(* Assume $\delta\in(0,1]$. Consider a subcritical sequence of action profiles $(\mathbf p,\mathbf q)$ (not necessarily equilibria) such that $\sup_n\max_i\iota(q_i,q_i)\,n<\infty$. Then the limiting probability that a firm learns $y$ ideas decays exponentially in $y$: there exist constants $C>0$ and $y_0$ such that for every integer $y\ge y_0$, $$\limsup_{n\to\infty}\max_i\mathbb P\big[|I_i(\mathbf p,\mathbf q)|=y\big]\le e^{-Cy}.$$
   Context: Model (for each number of firms $n\ge 2$). There are $n$ firms $1,\dots,n$; firm $i$ can discover a single idea, also labelled $i$. A parameter $\delta\in[0,1]$ is fixed. Each firm $i$ has an action $(p_i,q_i)\in[0,1)\times[0,1]$. Idea $i$ is discovered independently with probability $p_i$; $I$ is the random set of discovered ideas. The interaction rate is $\iota(q_i,q_j)=q_iq_j$. For each ordered pair $i\neq j$, independently, $i$ learns directly from $j$ with probability $\iota(q_i,q_j)$, and conditional on this, independently with probability $\delta$, $i$ also learns indirectly through $j$. The indirect-learning network has an edge $j\to i$ whenever $i$ learns indirectly through $j$. $I_i(\mathbf p,\mathbf q)=\{j\in I\setminus\{i\}:$ some firm $m$, with $m=i$ or with a directed path from $m$ to $i$ in the indirect-learning network, learns directly from $j\}$. Criticality: let $\lambda$ be the spectral radius of the $n\times n$ matrix with $(i,j)$ entry $\delta\iota(q_i,q_j)$; a sequence (indexed by $n\to\infty$) of profiles is subcritical if $\limsup_n\lambda<1$. *)

From Stdlib Require Import Reals.
From mathcomp Require Import all_boot.
Open Scope R_scope.
Set Implicit Arguments. Unset Strict Implicit. Unset Printing Implicit Defensive.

* * *

**EXERCISE GOAL**
Go through the records above. Copy each line in which the string "sequence" appears.

**RESPONSE TO THIS EXERCISE**
(* Assume $\delta\in(0,1]$. Consider a subcritical sequence of action profiles $(\mathbf p,\mathbf q)$ (not necessarily equilibria) such that $\sup_n\max_i\iota(q_i,q_i)\,n<\infty$. Then the limiting probability that a firm learns $y$ ideas decays exponentially in $y$: there exist constants $C>0$ and $y_0$ such that for every integer $y\ge y_0$, $$\limsup_{n\to\infty}\max_i\mathbb P\big[|I_i(\mathbf p,\mathbf q)|=y\big]\le e^{-Cy}.$$
   Context: Model (for each number of firms $n\ge 2$). There are $n$ firms $1,\dots,n$; firm $i$ can discover a single idea, also labelled $i$. A parameter $\delta\in[0,1]$ is fixed. Each firm $i$ has an action $(p_i,q_i)\in[0,1)\times[0,1]$. Idea $i$ is discovered independently with probability $p_i$; $I$ is the random set of discovered ideas. The interaction rate is $\iota(q_i,q_j)=q_iq_j$. For each ordered pair $i\neq j$, independently, $i$ learns directly from $j$ with probability $\iota(q_i,q_j)$, and conditional on this, independently with probability $\delta$, $i$ also learns indirectly through $j$. The indirect-learning network has an edge $j\to i$ whenever $i$ learns indirectly through $j$. $I_i(\mathbf p,\mathbf q)=\{j\in I\setminus\{i\}:$ some firm $m$, with $m=i$ or with a directed path from $m$ to $i$ in the indirect-learning network, learns directly from $j\}$. Criticality: let $\lambda$ be the spectral radius of the $n\times n$ matrix with $(i,j)$ entry $\delta\iota(q_i,q_j)$; a sequence (indexed by $n\to\infty$) of profiles is subcritical if $\limsup_n\lambda<1$. *)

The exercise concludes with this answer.